Lines that include the string "Import" are the ones to copy from the entries below.

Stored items
════

(* Consider the descriptor system $Ex_{k+1}=Ax_k+Bu_k+w_k$, $y_k=Hx_k+v_{k-1}$ with $E,A\in\mathbb{R}^{n_1\times n}$, $B\in\mathbb{R}^{n_1\times q}$, $H\in\mathbb{R}^{m\times n}$, where $\begin{bmatrix}E^T&H^T\end{bmatrix}^T$ has full column rank, and let $P_0,Q,R$ be symmetric positive definite, $P_0^{(-)}=AP_0A^T+Q$. Let $\bar x_0$, inputs $u_0,\dots,u_{T-1}$, measurements $y_1,\dots,y_T$ be given, and let $N$ be an integer with $1\le N\le T-1$. Define the full information objective $$J_T(x_1,\dots,x_T)=\|Ex_1-A\bar x_0-Bu_0\|^2_{P_0^{(-)}}+\sum_{k=1}^{T-1}\|Ex_{k+1}-Ax_k-Bu_k\|_Q^2+\sum_{k=1}^{T}\|y_k-Hx_k\|_R^2.$$ Let $\hat x_k^{(+)},P_k^{(+)},P_k^{(-)}$ be given by the recursion in the context, and for $k\ge1$ define $$\Gamma_k^{sm}=\big((P_k^{(+)})^{-1}+A^TQ^{-1}A\big)^{-1},\qquad \hat x_k^{sm}(x_{k+1})=\hat x_k^{(+)}+\Gamma_k^{sm}A^TQ^{-1}\big(Ex_{k+1}-A\hat x_k^{(+)}-Bu_k\big),$$ and $$SC(\{x_k\}_{T-N}^T)=\|Ex_{T-N}-A\hat x^{(+)}_{T-N-1}-Bu_{T-N-1}\|^2_{P^{(-)}_{T-N-1}}+\sum_{k=T-N}^{T-1}\|Ex_{k+1}-Ax_k-Bu_k\|_Q^2+\sum_{k=T-N}^{T}\|y_k-Hx_k\|_R^2.$$ Then there is a constant $c$ independent of $x_1,\dots,x_T$ such that for all $x_1,\dots,x_T\in\mathbb{R}^n$, $$J_T(x_1,\dots,x_T)=\sum_{k=1}^{T-N-1}\|x_k-\hat x_k^{sm}(x_{k+1})\|^2_{\Gamma_k^{sm}}+SC(\{x_k\}_{T-N}^T)+c.$$ In particular, the full information problem of minimizing $J_T$ subject to any constraints on $x_1,\dots,x_T$ is equivalent to minimizing the right-hand side subject to the same constraints.
   Context: Notation: for symmetric positive definite $S$, $\|z\|_S^2:=z^TS^{-1}z$. Recursion: $\hat x_0^{(+)}=\bar x_0$, $P_0^{(+)}=P_0$, $P_0^{(-)}=AP_0A^T+Q$, and for $k\ge1$: $P_k^{(+)}=(E^T(P_{k-1}^{(-)})^{-1}E+H^TR^{-1}H)^{-1}$, $P_k^{(-)}=AP_k^{(+)}A^T+Q$, $\hat x_k^{(+)}=P_k^{(+)}H^TR^{-1}y_k+P_k^{(+)}E^T(P_{k-1}^{(-)})^{-1}(A\hat x_{k-1}^{(+)}+Bu_{k-1})$. An empty sum is zero. *)

From HB Require Import structures.
From mathcomp Require Import all_boot all_order all_algebra.
Set Implicit Arguments. Unset Strict Implicit. Unset Printing Implicit Defensive.
Import Order.TTheory GRing.Theory Num.Theory.
Local Open Scope ring_scope.

Definition spd (R : realFieldType) (p : nat) (S : 'M[R]_p) : Prop :=
  S^T = S /\ forall z : 'cV[R]_p, z != 0 -> 0 < (z^T *m S *m z) 0 0.

(* ||z||_S^2 := z^T S^{-1} z *)
Definition wnorm (R : realFieldType) (p : nat) (S : 'M[R]_p) (z : 'cV[R]_p) : R :=
  (z^T *m invmx S *m z) 0 0.

Section Filter.
Variables (R : realFieldType) (n1 n q m : nat).
Variables (E A : 'M[R]_(n1, n)) (B : 'M[R]_(n1, q)) (H : 'M[R]_(m, n)).
Variables (P0 : 'M[R]_n) (Q : 'M[R]_n1) (Rm : 'M[R]_m).
Variables (xbar0 : 'cV[R]_n) (u : nat -> 'cV[R]_q) (y : nat -> 'cV[R]_m).

Fixpoint kf (k : nat) : 'M[R]_n * 'cV[R]_n :=
  match k with
  | 0%N => (P0, xbar0)
  | k'.+1 =>
      let: (Pp, xh) := kf k' in
      let Pm := A *m Pp *m A^T + Q in
      let Pnew := invmx (E^T *m invmx Pm *m E + H^T *m invmx Rm *m H) in
      (Pnew, Pnew *m H^T *m invmx Rm *m y k
             + Pnew *m E^T *m invmx Pm *m (A *m xh + B *m u k'))
  end.

Definition Pplus (k : nat) : 'M[R]_n := (kf k).1.
Definition xhat (k : nat) : 'cV[R]_n := (kf k).2.
Definition Pminus (k : nat) : 'M[R]_n1 := A *m Pplus k *m A^T + Q.

Definition Gsm (k : nat) : 'M[R]_n :=
  invmx (invmx (Pplus k) + A^T *m invmx Q *m A).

════

ANSWER:
From HB Require Import structures.
From mathcomp Require Import all_boot all_order all_algebra.
Import Order.TTheory GRing.Theory Num.Theory.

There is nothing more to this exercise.